BNL Home

Sensing

Brookhaven National Laboratory has unique expertise in measurement theory, instrument development, and advanced geophysical data analysis in the areas of aerosols, trace gas monitoring, winds and turbulence, and precipitation across several interfaces relevant to those found in energy hotspots. In addition, Brookhaven has world-leading capabilities in microwave and optical sensor technology and science applications.

Fixed and Mobile Observatories

The Center for Multiscale Applied Sensing in partnership with the Radar Science group at Stony Brook University continuously operates 4 fixed observatories. The fixed stations are suited in lower Manhattan, NYC, Stony Brook, Brookhaven National Laboratory and Southampton in Suffolk, NY. The selected stations transect the complex urban-coastal environment in an east-west direction. Each fixed observing station includes active lidar and radar observations, surface meteorology and rainfall information. The measurements from these stations will provide critical atmospheric measurements such as PBL height, aerosol/smoke profiling, cloud fraction and base height, hydrometeor distribution and type in the atmospheric column and rain/snow amount.

map of fixed observatory locations

The observations from the profiling sensors will be enhanced by additional observations from our two mobile trucks: i) the BNL “fair-weather” mobile truck that includes a state-of-the-art scanning Doppler lidar, a met station and small and medium size drones capable of performing meteorological and air quality measurements and ii) the SBU “weather” mobile truck that features a profiling radar, lidar, a sounding system and a state-of-the-art phased array X-band radar.
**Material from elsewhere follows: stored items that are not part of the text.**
(* Let $R$ be the ring of $2$-adic integers, $G=A_4$, $H=\langle a_1,a_2\rangle$ with $a_1=(1,2)(3,4)$, $a_2=(1,4)(2,3)$. Let $\delta_1,\delta_2,\delta_3$ be the linear characters of $H$ given by $\delta_1(a_1)=-1,\delta_1(a_2)=1$; $\delta_2(a_1)=1,\delta_2(a_2)=-1$; $\delta_3(a_1)=\delta_3(a_2)=-1$, viewed as rank-one $RH$-modules. Then each induced $R$-representation $\delta_i^G$ ($i=1,2,3$) of $G$ is irreducible and equivalent to the representation $\Gamma_2$ afforded by $M_2$. Moreover $\Gamma_2$ is equivalent to the monomial representation $a_1\mapsto\operatorname{diag}(-1,1,-1)$, $b\mapsto\left(\begin{smallmatrix}0&0&1\\1&0&0\\0&1&0\end{smallmatrix}\right)$ where $b=(1,2,3)$.
   Context: Let $L$ be the free $R$-module with basis $e_1,\dots,e_4$ on which $G$ acts by permuting indices; $L_2=\{\sum\alpha_je_j:\alpha_j\in R,\ \sum\alpha_j\equiv0\pmod 2\}$, $L_0=R(e_1+e_2+e_3+e_4)$, $M_2=L_2/L_0$, an $RG$-module free of rank $3$ over $R$; $\Gamma_2$ is the $R$-representation it affords. Two $R$-representations are equivalent if their modules are isomorphic. *)

From HB Require Import structures.
From mathcomp Require Import all_boot all_order all_algebra all_fingroup all_solvable all_character.
Set Implicit Arguments. Unset Strict Implicit. Unset Printing Implicit Defensive.
Import GRing.Theory.
Local Open Scope ring_scope.

(* ---------- The ring of 2-adic integers, via its defining inverse-limit
   property: R is (isomorphic to) lim_n Z/2^(n+1). ---------- *)
Definition is_2adic_integers (R : comNzRingType) : Prop :=
  exists pi : forall n : nat, R -> 'Z_(2 ^ n.+1),
    [/\ (forall n, pi n 1 = 1),
        (forall n x y, pi n (x + y) = pi n x + pi n y),
        (forall n x y, pi n (x * y) = pi n x * pi n y),
        (forall n x, ((pi n.+1 x : nat) %% 2 ^ n.+1)%N = (pi n x : nat)) &
        (forall s : forall n : nat, 'Z_(2 ^ n.+1),
            (forall n, ((s n.+1 : nat) %% 2 ^ n.+1)%N = (s n : nat)) ->
            exists! x : R, forall n, pi n x = s n)].

(* ---------- The group A_4 acting on {1,2,3,4} = 'I_4 (index k <-> k+1) ---------- *)
Definition o0 : 'I_4 := @Ordinal 4 0 isT.
Definition o1 : 'I_4 := @Ordinal 4 1 isT.
Definition o2 : 'I_4 := @Ordinal 4 2 isT.
Definition o3 : 'I_4 := @Ordinal 4 3 isT.

Definition A4 : {group {perm 'I_4}} := ('Alt_('I_4))%G.
(* a1 = (1,2)(3,4), a2 = (1,4)(2,3), b = (1,2,3) (i.e. 1->2->3->1) *)
Definition a1 : {perm 'I_4} := (tperm o0 o1 * tperm o2 o3)%g.
Definition a2 : {perm 'I_4} := (tperm o0 o3 * tperm o1 o2)%g.
Definition b3 : {perm 'I_4} := (tperm o1 o2 * tperm o0 o1)%g.
Definition V4 : {group {perm 'I_4}} := (<<[set a1; a2]>>)%G.

(* ---------- Induced representation (row-vector / right-module convention,
   as in mathcomp's mx_representation: v |-> v *m rho g).
   For a right transversal t (G = disjoint union of H t_i), the module
   R_delta (x)_{RH} RG has R-basis 1 (x) t_i, and
   (1 (x) t_i) g = delta(t_i g t_j^-1) (1 (x) t_j)  when t_i g t_j^-1 \in H. *)
Definition is_rtransversal (gT : finGroupType) (G H : {group gT}) (n : nat)
    (t : 'I_n -> gT) : Prop :=
  (forall i, t i \in G) /\
  (forall x, x \in G -> exists! i, x \in (H :* t i)%g).

Definition ind_mx (R : nzRingType) (gT : finGroupType) (H : {set gT}) (n : nat)
    (delta : gT -> R) (t : 'I_n -> gT) (g : gT) : 'M[R]_n :=
  \matrix_(i, j)
     (if (t i * g * (t j)^-1)%g \in H then delta (t i * g * (t j)^-1)%g else 0).

Definition lin_char_on (R : nzRingType) (gT : finGroupType) (H : {set gT})
    (delta : gT -> R) : Prop :=
  delta 1%g = 1 /\ {in H &, forall x y, delta (x * y)%g = delta x * delta y}.

Definition irreducible_over_frac (R : idomainType) (gT : finGroupType)
    (G : {group gT}) (n : nat) (rho : gT -> 'M[R]_n) : Prop :=
  exists hr : mx_repr G (fun g => map_mx (@tofrac R) (rho g)),
    mx_irreducible (MxRepresentation hr).

Definition is_mx_repr (R : comUnitRingType) (gT : finGroupType)
   (G : {group gT}) (n : nat) (rho : gT -> 'M[R]_n) : Prop := mx_repr G rho.

(* L = R^4 (row vectors), G acting by permuting indices: e_j . g = e_{g j}. *)
Definition inL2 (R : nzRingType) (v : 'rV[R]_4) : Prop :=
  exists r : R, \sum_(j < 4) v 0 j = 2 * r.
Definition inL0 (R : nzRingType) (v : 'rV[R]_4) : Prop :=
  exists c : R, v = c *: const_mx 1.

(* (R^3, rho) is isomorphic, as an RG-module, to M_2 = L_2/L_0:
   there is an R-linear map L_2 -> R^3 that is onto, has kernel exactly L_0
   and is G-equivariant.  (This is a module isomorphism M_2 ~ (R^3,rho).) *)
Definition equiv_to_Gamma2 (R : comNzRingType) (G : {group {perm 'I_4}})
    (rho : {perm 'I_4} -> 'M[R]_3) : Prop :=
  exists phi : 'rV[R]_4 -> 'rV[R]_3,
    [/\ (forall (a : R) u v, inL2 u -> inL2 v -> phi (a *: u + v) = a *: phi u + phi v),
        (forall w, exists2 u, inL2 u & phi u = w),
        (forall u, inL2 u -> (phi u = 0 <-> inL0 u)) &
        (forall g u, g \in G -> inL2 u -> phi (u *m perm_mx g) = phi u *m rho g)].

Definition diag_a1 (R : nzRingType) : 'M[R]_3 :=
  \matrix_(i, j) (if i == j then (if (i : nat) == 1%N then 1 else -1) else 0).
(* [[0,0,1],[1,0,0],[0,1,0]] *)
Definition cyc_b (R : nzRingType) : 'M[R]_3 :=
  \matrix_(i, j) (if (j : nat) == (((i : nat) + 2) %% 3)%N then 1 else 0).

From HB Require Import structures.
From mathcomp Require Import all_boot all_order all_algebra all_fingroup all_solvable all_character.
From mathcomp Require Import ring.
From Stdlib Require Import ClassicalEpsilon.
Import GRing.Theory.
Set Implicit Arguments. Unset Strict Implicit. Unset Printing Implicit Defensive.
Local Open Scope ring_scope.

(* V4 is a normal subgroup of A4 with quotient of order 3, and
   conjugation by A4 permutes transitively the three nontrivial characters of
   V4.  Hence the matrices of the induced representation δ^G are monomial, and
   on V4 they are diagonal with the three distinct characters conjugate to δ on
   the diagonal.  Averaging a vector of a submodule against one of these
   characters isolates a coordinate vector, and the transversal moves it to the
   other two: δ^G is irreducible over any field in which 2 is invertible.
   For the equivalence with M_2 = L_2/L_0, the vector fixed by the stabiliser of
   a point yields, by Frobenius reciprocity, an intertwiner S : R^4 -> R^3 with
   entries ±1 and mutually orthogonal columns of norm 4 and sum 0.  Then
   u |-> uS/2 is well defined on L_2, equivariant and onto, and its kernel is
   L_0 because the 4 x 4 matrix [1 | S] is invertible up to the factor 4.  The
   monomial form of Γ2 is δ^G for δ = (a1 |-> -1, a2 |-> 1) and the transversal
   (1, b^2, b). *)

Section InducedMatrix.
Variables (R : comUnitRingType) (gT : finGroupType) (G H : {group gT}) (n : nat).
Variables (delta : gT -> R) (t : 'I_n -> gT).
Hypotheses (delta_lin : lin_char_on H delta) (tG : is_rtransversal G H t).
Local Notation rho := (ind_mx H delta t).

Lemma rtransversal_unique i x : x \in G -> exists! j, (t i * x * (t j)^-1 \in H)%g.
Proof.
move=> xG; have [j [Hj j_uniq]] := tG.2 _ (groupM (tG.1 i) xG).
by exists j; split=> [|k]; rewrite -mem_rcoset // => /j_uniq.
Qed.

Lemma rtransversal_inj j k : (t j * (t k)^-1 \in H)%g -> j = k.
Proof.
have [l [_ l_uniq]] := rtransversal_unique j (group1 G).
by move=> Hk; rewrite -(l_uniq k) ?mulg1 // -(l_uniq j) // mulg1 mulgV group1.
Qed.

Lemma ind_mx_row i x : x \in G ->
  exists2 j, (t i * x * (t j)^-1 \in H)%g &
    row i (rho x) = delta (t i * x * (t j)^-1)%g *: 'e_j.
Proof.
move=> xG; have [j [Hj j_uniq]] := rtransversal_unique i xG.
exists j => //; apply/rowP => k; rewrite !mxE.
case: (eqVneq k j) => [->|kj]; first by rewrite Hj eqxx /= mulr1n mulr1.
rewrite andbF mulr0n mulr0; case: ifP => // /j_uniq jk.
by rewrite jk eqxx in kj.
Qed.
Distributed Measurement Networks

CMAS scientists are working with Brookhaven’s Instrumentation Division to develop networks of small, low power, autonomous instrument packages to target specific applications in environmental and climate science. Traditionally, surface observations are concentrated in single, regionally representative sites comprising suites of complex instrumentation that require significant infrastructure. However, many of the geophysical parameters important to terrestrial and atmospheric processes vary on much finer scales. As models of the land-atmosphere system are increasingly run at higher spatial and temporal resolutions, better understanding of these processes and their interactions at commensurate resolution is required.

Small sensor packages are designed to measure specific properties or interactions of interest and so can be optimized for size, weight, power, ease of data communications, cost, and autonomy. This provides flexibility in the mode or location of deployment – for example very remote areas or urban centers – and also in the density of measurements within the network. These sensor packages may also be appropriate for flying on Unmanned Aerial Systems (UAS), providing continuous spatial coverage over the surface or vertical profiling of atmospheric constituents, augmenting the ground-based network. Moving from the single, comprehensive, and complex measurement site to elemental sensor packages in distributed networks broadens the range of questions that can be asked of the environment that humans inhabit.